What’s in a Name?

What’s in a Name?

As the Bard of Avon questioned several hundred years ago in Romeo and Juliet, What is in a name? That which we call a rose by any other name would smell just as sweet. Personally, I think it would mean a great deal. Stinkweed, Skunk and Sewer are three words that would not fit his general substitution. Names are very important.

Media giants, such as Facebook and Twitter saw fit to change their long-term brand names to Meta and X to match the changing times. We name our children to give them their own special identity. Most of the time their chosen names have a special family meaning that adds to a person’s confidence and self-worth. 

There are serious cautions. Families that saddle a child with a name that can sometimes be perverted into something that rhymes with an unpleasant or profane word or phrase can cause terrible psychological harm down the road. Our daughter and her husband wanted to name their possible son, Oscar. Both wieners and the notorious 19th century writer, the bisexual Oscar Wilde, did not sit well with us. Thank goodness, that our granddaughter is the beautiful Olivia. 

I was listening to my car radio recently and the host was talking about nicknames.
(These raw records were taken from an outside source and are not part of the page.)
(* Let $G$ be a finitely generated nilpotent group and $\Phi$ a uniformly continuous action of $G$ on a metric space $\Omega$; let $U,V\subset\Omega$. Assume there exists $g\in G$ such that the homeomorphism $f_g=\Phi(g,\cdot)$ is topologically Anosov with respect to $(U,V)$. Then the action $\Phi$ is topologically Anosov with respect to $(U,V)$.
   Context: Let $(\Omega,\mathrm{dist})$ be a metric space; $B(\delta,x)=\{y:\mathrm{dist}(x,y)<\delta\}$ and $B(\delta,U)=\bigcup_{x\in U}B(\delta,x)$. An action of a group $G$ is a map $\Phi:G\times\Omega\to\Omega$ such that each $f_g=\Phi(g,\cdot)$ is a homeomorphism of $\Omega$, $\Phi(e,x)=x$, and $\Phi(g_1g_2,x)=\Phi(g_1,\Phi(g_2,x))$. For a finitely generated $G$, the action is uniformly continuous if for some finite symmetric generating set $S$ (symmetric: $s\in S\Rightarrow s^{-1}\in S$) all maps $f_s$, $s\in S$, are uniformly continuous. Fix a finite symmetric generating set $S$ of $G$. For $d>0$, a family $\{y_g\}_{g\in G}\subset\Omega$ is a $d$-pseudotrajectory if $\mathrm{dist}(y_{sg},f_s(y_g))<d$ for all $s\in S$, $g\in G$. A uniformly continuous action has the shadowing property on $V\subset\Omega$ if for every $\varepsilon>0$ there is $d>0$ such that for every $d$-pseudotrajectory $\{y_g\}$ with all $y_g\in V$ there is $x_e\in\Omega$ with $\mathrm{dist}(y_g,f_g(x_e))<\varepsilon$ for all $g\in G$ (this property does not depend on the choice of $S$). The action is expansive on $U\subset\Omega$ if there is $\Delta>0$ such that whenever $x_1,x_2\in U$ satisfy $\Phi(g,x_1),\Phi(g,x_2)\in U$ and $\mathrm{dist}(\Phi(g,x_1),\Phi(g,x_2))<\Delta$ for all $g\in G$, then $x_1=x_2$. The action is topologically Anosov with respect to $(U,V)$ if (TA1) there is $\gamma>0$ with $B(\gamma,V)\subset U$, (TA2) it has the shadowing property on $V$, and (TA3) it is expansive on $U$. A homeomorphism $f$ of $\Omega$ is said to have any of these properties if the $\mathbb Z$-action $(k,x)\mapsto f^k(x)$ (with generating set $\{1,-1\}$) has it. A group $G$ is nilpotent of class $n$ if its lower central series $G_1=G$, $G_{i+1}=[G_i,G]$ satisfies $G_{n+1}=\{e\}$ and $G_n\neq\{e\}$; here $[g,h]=ghg^{-1}h^{-1}$. *)

From Stdlib Require Import Reals List ZArith Lia.
Import ListNotations.
Set Implicit Arguments.
Open Scope R_scope.

Record Group := {
  carrier :> Type;
  gmul : carrier -> carrier -> carrier;
  gone : carrier;
  ginv : carrier -> carrier;
  gmul_assoc : forall a b c, gmul a (gmul b c) = gmul (gmul a b) c;
  gmul_1l : forall a, gmul gone a = a;
  gmul_1r : forall a, gmul a gone = a;
  gmul_Vl : forall a, gmul (ginv a) a = gone;
  gmul_Vr : forall a, gmul a (ginv a) = gone }.

Arguments gmul {g}.
Arguments gone {g}.
Arguments ginv {g}.

Section GroupDefs.
Variable G : Group.

Definition comm (g h : G) : G := gmul (gmul (gmul g h) (ginv g)) (ginv h).

Inductive gen_sub (A : G -> Prop) : G -> Prop :=
| gs_in : forall x, A x -> gen_sub A x
| gs_one : gen_sub A gone
| gs_mul : forall x y, gen_sub A x -> gen_sub A y -> gen_sub A (gmul x y)
| gs_inv : forall x, gen_sub A x -> gen_sub A (ginv x).

(** lower central series, shifted: lcs n = G_{n+1}
    (lcs 0 = G_1 = G, lcs (n+1) = [lcs n, G]) *)
Fixpoint lcs (n : nat) : G -> Prop :=
  match n with
  | O => fun _ => True
  | S m => gen_sub (fun c => exists a b, lcs m a /\ c = comm a b)
  end.

Definition nilpotent : Prop := exists n, forall x, lcs n x -> x = gone.

Definition symmetric_set (S : list G) : Prop :=
  forall s, In s S -> In (ginv s) S.

Definition generates (S : list G) : Prop :=
  forall g, gen_sub (fun x => In x S) g.

Definition finitely_generated : Prop := exists S : list G, generates S.

Definition npow (g : G) (n : nat) : G := Nat.iter n (gmul g) gone.
Definition gpow (g : G) (k : Z) : G :=
  match k with
  | Z0 => gone
  | Zpos p => npow g (Pos.to_nat p)
  | Zneg p => ginv (npow g (Pos.to_nat p))
  end.
End GroupDefs.

Definition Zgroup : Group.
Proof.
  refine (@Build_Group Z Z.add 0%Z Z.opp _ _ _ _ _); intros; lia.
Defined.

Section MetricDefs.
Variable Omega : Type.
Variable dist : Omega -> Omega -> R.

Definition is_metric : Prop :=
  (forall x y, 0 <= dist x y) /\
  (forall x y, dist x y = 0 <-> x = y) /\
  (forall x y, dist x y = dist y x) /\
  (forall x y z, dist x z <= dist x y + dist y z).

Definition continuous_map (f : Omega -> Omega) : Prop :=
  forall x eps, 0 < eps -> exists delta, 0 < delta /\
    forall y, dist x y < delta -> dist (f x) (f y) < eps.

Definition unif_continuous (f : Omega -> Omega) : Prop :=
  forall eps, 0 < eps -> exists delta, 0 < delta /\
    forall x y, dist x y < delta -> dist (f x) (f y) < eps.

Definition is_homeo (f : Omega -> Omega) : Prop :=
  exists h : Omega -> Omega,
    (forall x, h (f x) = x) /\ (forall x, f (h x) = x) /\
    continuous_map f /\ continuous_map h.

Variable G : Group.

Definition is_action (Phi : G -> Omega -> Omega) : Prop :=
  (forall g, is_homeo (Phi g)) /\
  (forall x, Phi gone x = x) /\
  (forall g1 g2 x, Phi (gmul g1 g2) x = Phi g1 (Phi g2 x)).

Definition unif_continuous_action (Phi : G -> Omega -> Omega) : Prop :=
  exists S : list G, @symmetric_set G S /\ @generates G S /\
    forall s, In s S -> unif_continuous (Phi s).

Definition pseudotrajectory (S : list G) (Phi : G -> Omega -> Omega)
  (d : R) (y : G -> Omega) : Prop :=
  forall s g, In s S -> dist (y (gmul s g)) (Phi s (y g)) < d.

Definition shadowing_on (S : list G) (Phi : G -> Omega -> Omega)
  (V : Omega -> Prop) : Prop :=
  forall eps, 0 < eps -> exists d, 0 < d /\
    forall y : G -> Omega, pseudotrajectory S Phi d y ->
      (forall g, V (y g)) ->
      exists xe, forall g, dist (y g) (Phi g xe) < eps.

Definition expansive_on (Phi : G -> Omega -> Omega) (U : Omega -> Prop) : Prop :=
  exists Delta, 0 < Delta /\
    forall x1 x2, U x1 -> U x2 ->
      (forall g, U (Phi g x1) /\ U (Phi g x2) /\
                 dist (Phi g x1) (Phi g x2) < Delta) ->
      x1 = x2.

Definition ball_subset (gamma : R) (V U : Omega -> Prop) : Prop :=
  forall x y, V x -> dist x y < gamma -> U y.

Definition topologically_Anosov (S : list G) (Phi : G -> Omega -> Omega)
  (U V : Omega -> Prop) : Prop :=
  (exists gamma, 0 < gamma /\ ball_subset gamma V U) /\
  shadowing_on S Phi V /\
  expansive_on Phi U.
End MetricDefs.

(** The homeomorphism f_g = Phi(g, .) is topologically Anosov: the Z-action
    k |-> f_g^k = Phi(g^k, .) with generating set {1,-1} is. *)
Definition homeo_topologically_Anosov (Omega : Type) (dist : Omega -> Omega -> R)
  (G : Group) (Phi : G -> Omega -> Omega) (g : G) (U V : Omega -> Prop) : Prop :=
  @topologically_Anosov Omega dist Zgroup [1%Z; (-1)%Z]
    (fun (k : Zgroup) x => Phi (@gpow G g k) x) U V.

(** Condition (TA1) does not involve the
  action, and expansivity of k |-> f_g^k on U implies expansivity of the whole action, because
  every Z-orbit is part of a G-orbit.  The substance is shadowing.

  Let {y_h} be a fine pseudotrajectory of the G-action.  Each map f_a moves points close to y_w
  to points close to y_{aw} (the tracking property, proved along words in the generators), so
  for every h the sequence k |-> y_{g^k h} is a pseudotrajectory of f_g and is shadowed by some
  point x(h).  Expansivity of f_g makes such a shadowing point unique; hence x(gh) = f_g(x(h)).
  If x is also equivariant for the commutator [c,g], then h |-> f_c^{-1}(x(ch)) is a second
  g-equivariant family shadowing the same sequences, so it equals x and x is c-equivariant.
  Since the iterated commutator [..[s,g],..,g] (n times) lies in G_{n+1} = {e}, descending this
  chain makes x equivariant for every generator s, hence for all of G, and x(e) shadows {y_h}. *)

From Stdlib Require Import Reals List ZArith Lia Lra ClassicalEpsilon.
Import ListNotations.
Open Scope R_scope.

Section GroupFacts.
Variable G : Group.
Implicit Types a b c g h s : G.

Lemma mul_cancel_l a b : gmul (ginv a) (gmul a b) = b.
Proof. rewrite gmul_assoc, gmul_Vl, gmul_1l. reflexivity. Qed.

Lemma mul_cancel_r a b : gmul a (gmul (ginv a) b) = b.
Proof. rewrite gmul_assoc, gmul_Vr, gmul_1l. reflexivity. Qed.

Lemma inv_unique a b : gmul a b = gone -> b = ginv a.
Proof. intro H. rewrite <- (mul_cancel_l a b), H, gmul_1r. reflexivity. Qed.

Lemma inv_mul a b : ginv (gmul a b) = gmul (ginv b) (ginv a).
Proof.
  symmetry. apply inv_unique.
  rewrite <- !gmul_assoc, mul_cancel_r, gmul_Vr. reflexivity.
Qed.

Lemma inv_one : ginv (@gone G) = gone.
Proof. symmetry. apply inv_unique, gmul_1l. Qed.

Lemma inv_inv a : ginv (ginv a) = a.
Proof. symmetry. apply inv_unique, gmul_Vl. Qed.

(** For a symmetric generating list, the generated subgroup is the generated submonoid: a
    property containing the generators and closed under products holds on all of it. *)
Lemma gen_sub_symmetric_ind (S : list G) (P : G -> Prop) :
  symmetric_set G S -> P gone -> (forall a b, P a -> P b -> P (gmul a b)) ->
  (forall s, In s S -> P s) -> forall x, gen_sub G (fun x => In x S) x -> P x.
Proof.
  intros Hsym Hone Hmul HS x Hx.
  enough (P x /\ P (ginv x)) by tauto.
  induction Hx as [x Hx | | x y _ [Px Px'] _ [Py Py'] | x _ [Px Px']].
  - auto.
  - rewrite inv_one. auto.
  - rewrite inv_mul. auto.
  - rewrite inv_inv. auto.
Qed.

Lemma npow_comm g n : gmul (npow G g n) g = gmul g (npow G g n).
Proof.
  induction n as [|n IH]; simpl.
  - rewrite gmul_1l, gmul_1r. reflexivity.
  - rewrite <- gmul_assoc, IH. reflexivity.
Qed.

Lemma gpow_succ g k : gpow G g (Z.succ k) = gmul g (gpow G g k).
Proof.
  destruct k as [|p|p]; simpl.
  - reflexivity.
  - rewrite Pos.add_1_r, Pos2Nat.inj_succ. reflexivity.
  - destruct (Pos.succ_pred_or p) as [->|Hp].
    + simpl. rewrite gmul_1r, gmul_Vr. reflexivity.
    + rewrite <- Hp. set (q := Pos.pred p).
      change (Z.pos_sub 1 (Pos.succ q)) with (Z.pos 1 + Z.neg (Pos.succ q))%Z.
      replace (Z.pos 1 + Z.neg (Pos.succ q))%Z with (Z.neg q) by lia.
      simpl. rewrite Pos2Nat.inj_succ. simpl.
      rewrite <- npow_comm, inv_mul, mul_cancel_r. reflexivity.
Qed.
I have been fascinated by such names for many years. I collected lists of college teams names. I went to Holy Cross, which is still known as theCrusaders, while my bonus granddaughter went to Kennesaw State University, who are the Owls. My favorite is former President Richard M. Nixon’s alma mater, the Wittier College Poets.  
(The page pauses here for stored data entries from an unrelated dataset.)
Lemma recovery_sum_even j : (1 <= j <= t)%N ->
  \sum_(l | recovery_label t v (offset i l) == (2 * j)%N) repair_term l = x 0 i.
Proof.
move=> j_range; have [jpos_range _ vjpos_sub _] := jpos_spec gv j_range.
have n_eq := nC_good gv.
have lt_neg : (nC t v - j < nC t v)%N by lia.
have lt_first : (t + jpos v j - j < nC t v)%N by lia.
rewrite (@big_pred2 _ _ _ _ (rot i (nC t v - j)%N) (rot i (t + jpos v j - j)%N)); first last.
- apply: pred2_rot => // l; rewrite -(rwP eqP).
  exact: (recovery_label_even gv j_range (offset_lt i l)).
- by rewrite -offset_eqE // offset_rot //; apply/eqP; lia.
rewrite repair_term_outer ?repair_term_inner //; try (apply/eqP; lia); try (apply/negP; lia).
have -> : (t + jpos v j - j - t - 1 = (jpos v j).-1 - j)%N by lia.
rewrite vjpos_sub (_ : j == 0%N = false); last by apply/eqP; lia.
rewrite yC_rot; last lia.
have -> : (t + jpos v j - j + nC t v - (t + jpos v j) = nC t v - j)%N by lia.
have -> : (nC t v - j + j = 0 + nC t v)%N by lia.
by rewrite rotDn rot0 /= addKr.
Qed.

Lemma recovery_sum c : (c < 2 * t + 1)%N ->
  \sum_(l | recovery_label t v (offset i l) == c) repair_term l = x 0 i.
Proof.
move=> lt_c; have [->|c_neq0] := eqVneq c 0%N; first exact: recovery_sum_zero.
have [j [j_range [->|->]]] : exists j, (1 <= j <= t)%N /\ (c = 2 * j - 1 \/ c = 2 * j)%N.
  by exists (c.+1 %/ 2)%N; lia.
- exact: recovery_sum_odd.
- exact: recovery_sum_even.
Qed.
My love of sports whetted this appetite with a repertoire of colorful names, such as The Yankee Clipper, the Sultan of Swat and Stan the Man Musial for Yankees and a Cardinal great. First was Joe DiMaggio, who glided across Yankee Stadium’s cavernous center-field, like a stately 19th century schooner, baseball’s first great slugger, Babe Ruth and Stan Musial whose character was as prevalent as his batting eye. Others sports pale by comparison, though golfer Tiger Woods, basketball’s Sir Charles Barkley, football’s Broadway Joe Namath and tennis’ Chris Evert, the Ice Maiden, have all added color to their respective sports.

I love nicknames so much that when I coached a baseball team, I would often verbally baptize some of my players with a carefully chosen sobriquet. I would never use a name that hurt a particular child, such as calling a stout boy, fatty or chubby. I only used a word to elevate their self-esteem that revolved around a positive behavior. 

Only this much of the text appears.